Information provided: Begin

(* Let $\mathcal{X}$ be finite, $\mathcal{F}\subseteq\mathcal{F}^+\subseteq(\mathcal{X}\to[-1,1])$, $\mathcal{Z}=\mathcal{X}\times[-1,1]$, decision space $\Pi=\mathcal{F}^+$, and consider the regression loss with a base loss $\mathrm{L}:[-1,1]^2\to[0,1]$ that is $1$-Lipschitz in its second argument. Then $N_{\mathsf{frac}}(\mathcal{M}_{\mathsf{agnostic}};\Delta)\le N_{\mathsf{frac}}(\mathcal{F},\mathcal{F}^+;\Delta)$ for all $\Delta>0$. If moreover $\mathrm{L}(y,y')=|y-y'|$ is the absolute loss, then for all $\Delta>0$, $$N_{\mathsf{frac}}(\mathcal{M}_{\mathsf{agnostic}};\Delta)=N_{\mathsf{frac}}(\mathcal{M}_{\mathcal{F},\mathsf{realizable}};\Delta)=N_{\mathsf{frac}}(\mathcal{F},\mathcal{F}^+;\Delta).$$
   Context: For $M\in\Delta(\mathcal{Z})$ and $f\in\mathcal{F}^+$, the regression loss is $L(M,f)=\mathbb{E}_{(x,y)\sim M}\mathrm{L}(y,f(x))-\min_{f^\star\in\mathcal{F}}\mathbb{E}_{(x,y)\sim M}\mathrm{L}(y,f^\star(x))$ (the minimum is assumed attained). $\mathcal{M}_{\mathsf{agnostic}}=\Delta(\mathcal{Z})$; $\mathcal{M}_{\mathcal{F},\mathsf{realizable}}$ is the set of $M\in\Delta(\mathcal{Z})$ for which there is $f_M\in\mathcal{F}$ with $y=f_M(x)$ almost surely under $M$. For a model class $\mathcal{M}$, $N_{\mathsf{frac}}(\mathcal{M};\Delta)=\inf_{p\in\Delta(\Pi)}\sup_{M\in\mathcal{M}}\frac1{p(\{\pi:L(M,\pi)\le\Delta\})}$, and $N_{\mathsf{frac}}(\mathcal{F},\mathcal{F}^+;\Delta)=\inf_{p\in\Delta(\mathcal{F}^+)}\sup_{\mu\in\Delta(\mathcal{X}),f^\star\in\mathcal{F}}\frac1{p(\{f:\mathbb{E}_{x\sim\mu}|f(x)-f^\star(x)|\le\Delta\})}$. *)

From HB Require Import structures.
From mathcomp Require Import all_boot all_order all_algebra.
From mathcomp Require Import all_classical all_reals all_analysis.
Import Order.TTheory GRing.Theory Num.Theory.
Local Open Scope classical_set_scope.
Local Open Scope ring_scope.

(* The finite instance space X, as a (pointed) measurable type with   *)
(* the discrete sigma-algebra.  A point x0 is needed because every     *)
(* measurableType of MathComp-Analysis is pointed.                     *)
Definition ptfin (X : finType) (x0 : X) : Type := X.
Arguments ptfin {X} x0.
Section ptfin.
Variables (X : finType) (x0 : X).
HB.instance Definition _ := Finite.on (ptfin x0).
HB.instance Definition _ := isPointed.Build (ptfin x0) x0.
HB.instance Definition _ := @isMeasurable.Build default_measure_display
  (ptfin x0) discrete_measurable discrete_measurable0
  discrete_measurableC discrete_measurableU.
End ptfin.

(* The observation space: pairs (x, y) in X * R, with the product of  *)
(* the discrete sigma-algebra and the Borel sigma-algebra of R.        *)
(* Z = X x [-1,1] is the measurable subset Zset of it.                 *)
Definition Zty (R : realType) {X : finType} (x0 : X) : measurableType _ :=
  (ptfin x0 * R)%type.

Definition Zset {R : realType} {X : finType} (x0 : X) : set (Zty R x0) :=
  [set z | -1 <= z.2 <= 1].

(* The space of all functions X -> R, with the Borel sigma-algebra of *)
(* R^X (generated by the evaluation maps f |-> f x).                  *)
Definition fnsp (X : finType) (R : realType) : Type := X -> R.
HB.instance Definition _ (X : finType) (R : realType) :=
  Choice.on (fnsp X R).
HB.instance Definition _ (X : finType) (R : realType) :=
  isPointed.Build (fnsp X R) (fun=> 0).

Definition evalgen (X : finType) (R : realType) : set (set (fnsp X R)) :=
  [set A | exists (x : X) (B : set R), measurable B /\
           A = (fun f : fnsp X R => f x) @^-1` B].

Information provided: End

### [Task description]
In the listing above, locate the line containing "(* The space" and the line containing "[set A | exists". Transcribe those two lines and everything between them, exactly as written.

### [Result of the task]
(* The space of all functions X -> R, with the Borel sigma-algebra of *)
(* R^X (generated by the evaluation maps f |-> f x).                  *)
Definition fnsp (X : finType) (R : realType) : Type := X -> R.
HB.instance Definition _ (X : finType) (R : realType) :=
  Choice.on (fnsp X R).
HB.instance Definition _ (X : finType) (R : realType) :=
  isPointed.Build (fnsp X R) (fun=> 0).

Definition evalgen (X : finType) (R : realType) : set (set (fnsp X R)) :=
  [set A | exists (x : X) (B : set R), measurable B /\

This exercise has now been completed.